→ **PROBLEM TO WORK ON**
Beginning with the first line of the data below, set down each line exactly through the line that contains "(forall (d : nat)".
* * *
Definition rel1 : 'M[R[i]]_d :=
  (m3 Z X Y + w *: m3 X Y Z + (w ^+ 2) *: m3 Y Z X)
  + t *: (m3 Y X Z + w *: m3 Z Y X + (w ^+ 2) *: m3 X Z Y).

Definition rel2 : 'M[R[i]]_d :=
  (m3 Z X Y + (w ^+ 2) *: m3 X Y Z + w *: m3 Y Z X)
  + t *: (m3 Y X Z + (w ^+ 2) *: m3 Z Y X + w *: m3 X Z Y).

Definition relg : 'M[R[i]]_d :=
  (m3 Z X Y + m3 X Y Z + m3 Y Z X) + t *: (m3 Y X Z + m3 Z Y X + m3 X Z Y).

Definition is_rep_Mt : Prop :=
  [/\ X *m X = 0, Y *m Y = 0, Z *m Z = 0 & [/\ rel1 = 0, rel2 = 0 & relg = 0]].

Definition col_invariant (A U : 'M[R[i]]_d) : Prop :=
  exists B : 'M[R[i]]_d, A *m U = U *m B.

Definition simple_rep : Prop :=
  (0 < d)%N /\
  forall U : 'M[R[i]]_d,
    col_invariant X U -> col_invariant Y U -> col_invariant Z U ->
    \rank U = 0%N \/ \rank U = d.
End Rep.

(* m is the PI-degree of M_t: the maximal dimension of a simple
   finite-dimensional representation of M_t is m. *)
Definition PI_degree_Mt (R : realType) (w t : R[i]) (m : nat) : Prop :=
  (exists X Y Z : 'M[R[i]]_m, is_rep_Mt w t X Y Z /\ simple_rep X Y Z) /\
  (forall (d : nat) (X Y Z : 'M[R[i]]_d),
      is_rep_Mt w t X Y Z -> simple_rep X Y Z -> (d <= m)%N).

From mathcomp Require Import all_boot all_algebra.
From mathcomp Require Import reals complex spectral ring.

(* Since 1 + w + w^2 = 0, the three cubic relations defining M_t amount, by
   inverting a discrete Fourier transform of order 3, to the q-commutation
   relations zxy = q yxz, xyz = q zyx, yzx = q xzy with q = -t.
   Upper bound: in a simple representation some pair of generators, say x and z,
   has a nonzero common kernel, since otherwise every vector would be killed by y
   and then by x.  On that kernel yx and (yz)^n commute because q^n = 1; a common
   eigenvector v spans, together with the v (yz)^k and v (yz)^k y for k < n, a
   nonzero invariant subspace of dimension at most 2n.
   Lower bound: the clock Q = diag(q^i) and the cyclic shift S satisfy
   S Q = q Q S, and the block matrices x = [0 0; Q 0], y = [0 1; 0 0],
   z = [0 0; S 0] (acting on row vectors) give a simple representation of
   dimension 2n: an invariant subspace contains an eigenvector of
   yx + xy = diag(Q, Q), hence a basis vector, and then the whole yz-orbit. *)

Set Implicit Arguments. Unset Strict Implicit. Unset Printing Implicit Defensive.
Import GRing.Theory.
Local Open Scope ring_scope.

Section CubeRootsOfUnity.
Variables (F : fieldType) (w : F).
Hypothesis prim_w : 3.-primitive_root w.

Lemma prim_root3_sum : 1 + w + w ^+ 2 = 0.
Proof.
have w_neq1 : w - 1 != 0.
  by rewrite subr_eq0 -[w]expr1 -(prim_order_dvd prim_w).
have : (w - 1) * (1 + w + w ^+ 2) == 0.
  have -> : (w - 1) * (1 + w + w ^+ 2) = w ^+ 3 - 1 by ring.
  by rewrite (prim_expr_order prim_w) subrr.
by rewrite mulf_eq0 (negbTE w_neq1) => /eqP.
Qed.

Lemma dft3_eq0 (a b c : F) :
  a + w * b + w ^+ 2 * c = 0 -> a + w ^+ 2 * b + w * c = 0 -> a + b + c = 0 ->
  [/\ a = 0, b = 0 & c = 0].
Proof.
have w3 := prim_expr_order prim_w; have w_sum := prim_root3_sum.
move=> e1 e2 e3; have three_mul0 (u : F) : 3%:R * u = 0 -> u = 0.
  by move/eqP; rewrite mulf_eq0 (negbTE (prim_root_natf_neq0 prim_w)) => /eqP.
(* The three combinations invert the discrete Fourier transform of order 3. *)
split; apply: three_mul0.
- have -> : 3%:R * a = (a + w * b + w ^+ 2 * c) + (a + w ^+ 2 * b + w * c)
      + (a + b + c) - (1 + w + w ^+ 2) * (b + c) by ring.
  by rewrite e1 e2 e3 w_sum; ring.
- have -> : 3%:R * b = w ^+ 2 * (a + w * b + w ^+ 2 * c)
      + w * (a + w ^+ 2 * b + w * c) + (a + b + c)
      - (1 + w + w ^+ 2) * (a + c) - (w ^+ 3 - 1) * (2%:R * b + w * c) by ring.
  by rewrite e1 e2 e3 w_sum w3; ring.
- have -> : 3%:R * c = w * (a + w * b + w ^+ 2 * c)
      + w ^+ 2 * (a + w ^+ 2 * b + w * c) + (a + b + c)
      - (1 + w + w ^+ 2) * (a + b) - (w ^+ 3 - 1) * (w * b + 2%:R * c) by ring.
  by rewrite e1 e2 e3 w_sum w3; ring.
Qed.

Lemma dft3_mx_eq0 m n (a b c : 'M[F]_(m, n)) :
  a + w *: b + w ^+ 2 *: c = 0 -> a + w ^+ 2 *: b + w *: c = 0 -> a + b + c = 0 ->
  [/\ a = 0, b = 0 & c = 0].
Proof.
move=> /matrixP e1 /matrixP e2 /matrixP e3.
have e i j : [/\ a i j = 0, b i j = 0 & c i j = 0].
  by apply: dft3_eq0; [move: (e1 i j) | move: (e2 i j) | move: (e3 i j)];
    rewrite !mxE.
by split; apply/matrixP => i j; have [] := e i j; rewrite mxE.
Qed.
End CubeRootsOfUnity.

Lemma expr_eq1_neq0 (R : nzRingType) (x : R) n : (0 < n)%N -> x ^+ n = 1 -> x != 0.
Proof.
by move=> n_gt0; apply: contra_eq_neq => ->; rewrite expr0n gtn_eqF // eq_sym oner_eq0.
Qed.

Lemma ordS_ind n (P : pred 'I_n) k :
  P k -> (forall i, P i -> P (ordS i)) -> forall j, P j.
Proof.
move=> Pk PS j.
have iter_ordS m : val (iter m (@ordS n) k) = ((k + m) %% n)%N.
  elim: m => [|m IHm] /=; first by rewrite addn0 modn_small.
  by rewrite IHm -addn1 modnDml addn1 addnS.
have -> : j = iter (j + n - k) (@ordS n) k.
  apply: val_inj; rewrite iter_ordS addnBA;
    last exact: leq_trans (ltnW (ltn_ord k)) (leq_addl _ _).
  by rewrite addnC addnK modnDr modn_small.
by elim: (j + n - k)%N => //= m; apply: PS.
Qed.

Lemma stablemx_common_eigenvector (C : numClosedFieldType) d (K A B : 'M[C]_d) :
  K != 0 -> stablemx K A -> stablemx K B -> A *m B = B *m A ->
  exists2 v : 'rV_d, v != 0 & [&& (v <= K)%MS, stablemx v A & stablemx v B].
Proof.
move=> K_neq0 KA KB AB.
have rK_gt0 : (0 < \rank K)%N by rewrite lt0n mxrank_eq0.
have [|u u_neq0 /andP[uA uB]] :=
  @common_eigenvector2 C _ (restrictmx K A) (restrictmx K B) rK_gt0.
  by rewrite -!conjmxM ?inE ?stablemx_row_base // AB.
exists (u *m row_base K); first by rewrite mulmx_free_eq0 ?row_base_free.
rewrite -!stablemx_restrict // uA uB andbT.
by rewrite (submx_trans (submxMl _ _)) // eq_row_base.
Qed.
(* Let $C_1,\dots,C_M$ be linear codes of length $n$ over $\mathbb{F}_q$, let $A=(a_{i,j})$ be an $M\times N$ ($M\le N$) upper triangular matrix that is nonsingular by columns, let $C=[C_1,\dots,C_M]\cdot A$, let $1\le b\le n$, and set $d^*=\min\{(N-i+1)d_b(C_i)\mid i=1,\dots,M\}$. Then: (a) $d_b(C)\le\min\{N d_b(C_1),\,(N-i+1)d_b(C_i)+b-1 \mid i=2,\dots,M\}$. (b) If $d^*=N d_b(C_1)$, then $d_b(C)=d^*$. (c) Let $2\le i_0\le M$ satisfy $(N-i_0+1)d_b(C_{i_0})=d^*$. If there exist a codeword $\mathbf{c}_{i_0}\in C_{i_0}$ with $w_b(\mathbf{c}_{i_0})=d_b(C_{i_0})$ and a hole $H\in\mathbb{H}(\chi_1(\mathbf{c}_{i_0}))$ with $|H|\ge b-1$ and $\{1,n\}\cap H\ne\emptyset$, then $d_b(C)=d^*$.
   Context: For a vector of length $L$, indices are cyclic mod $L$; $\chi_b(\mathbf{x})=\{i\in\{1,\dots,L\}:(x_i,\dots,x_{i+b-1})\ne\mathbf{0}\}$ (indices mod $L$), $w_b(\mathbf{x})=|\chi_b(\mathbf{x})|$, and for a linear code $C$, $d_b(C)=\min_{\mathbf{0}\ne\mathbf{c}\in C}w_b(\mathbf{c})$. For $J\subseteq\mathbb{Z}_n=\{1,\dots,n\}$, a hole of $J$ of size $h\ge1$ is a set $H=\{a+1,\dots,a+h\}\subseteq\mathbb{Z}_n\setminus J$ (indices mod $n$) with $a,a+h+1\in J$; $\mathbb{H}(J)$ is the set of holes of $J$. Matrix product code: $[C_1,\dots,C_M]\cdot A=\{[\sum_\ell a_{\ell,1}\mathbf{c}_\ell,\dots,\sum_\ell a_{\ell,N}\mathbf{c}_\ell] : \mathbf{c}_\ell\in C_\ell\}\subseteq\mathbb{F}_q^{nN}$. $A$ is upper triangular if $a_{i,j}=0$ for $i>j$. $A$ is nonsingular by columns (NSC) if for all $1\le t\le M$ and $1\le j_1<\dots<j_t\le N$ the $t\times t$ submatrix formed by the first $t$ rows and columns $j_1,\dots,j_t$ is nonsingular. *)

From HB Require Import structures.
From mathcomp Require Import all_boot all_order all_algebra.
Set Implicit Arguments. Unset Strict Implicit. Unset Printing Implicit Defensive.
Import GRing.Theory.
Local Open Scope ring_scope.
* * *
→ **OUTPUT OF THE TASK**
Definition rel1 : 'M[R[i]]_d :=
  (m3 Z X Y + w *: m3 X Y Z + (w ^+ 2) *: m3 Y Z X)
  + t *: (m3 Y X Z + w *: m3 Z Y X + (w ^+ 2) *: m3 X Z Y).

Definition rel2 : 'M[R[i]]_d :=
  (m3 Z X Y + (w ^+ 2) *: m3 X Y Z + w *: m3 Y Z X)
  + t *: (m3 Y X Z + (w ^+ 2) *: m3 Z Y X + w *: m3 X Z Y).

Definition relg : 'M[R[i]]_d :=
  (m3 Z X Y + m3 X Y Z + m3 Y Z X) + t *: (m3 Y X Z + m3 Z Y X + m3 X Z Y).

Definition is_rep_Mt : Prop :=
  [/\ X *m X = 0, Y *m Y = 0, Z *m Z = 0 & [/\ rel1 = 0, rel2 = 0 & relg = 0]].

Definition col_invariant (A U : 'M[R[i]]_d) : Prop :=
  exists B : 'M[R[i]]_d, A *m U = U *m B.

Definition simple_rep : Prop :=
  (0 < d)%N /\
  forall U : 'M[R[i]]_d,
    col_invariant X U -> col_invariant Y U -> col_invariant Z U ->
    \rank U = 0%N \/ \rank U = d.
End Rep.

(* m is the PI-degree of M_t: the maximal dimension of a simple
   finite-dimensional representation of M_t is m. *)
Definition PI_degree_Mt (R : realType) (w t : R[i]) (m : nat) : Prop :=
  (exists X Y Z : 'M[R[i]]_m, is_rep_Mt w t X Y Z /\ simple_rep X Y Z) /\
  (forall (d : nat) (X Y Z : 'M[R[i]]_d),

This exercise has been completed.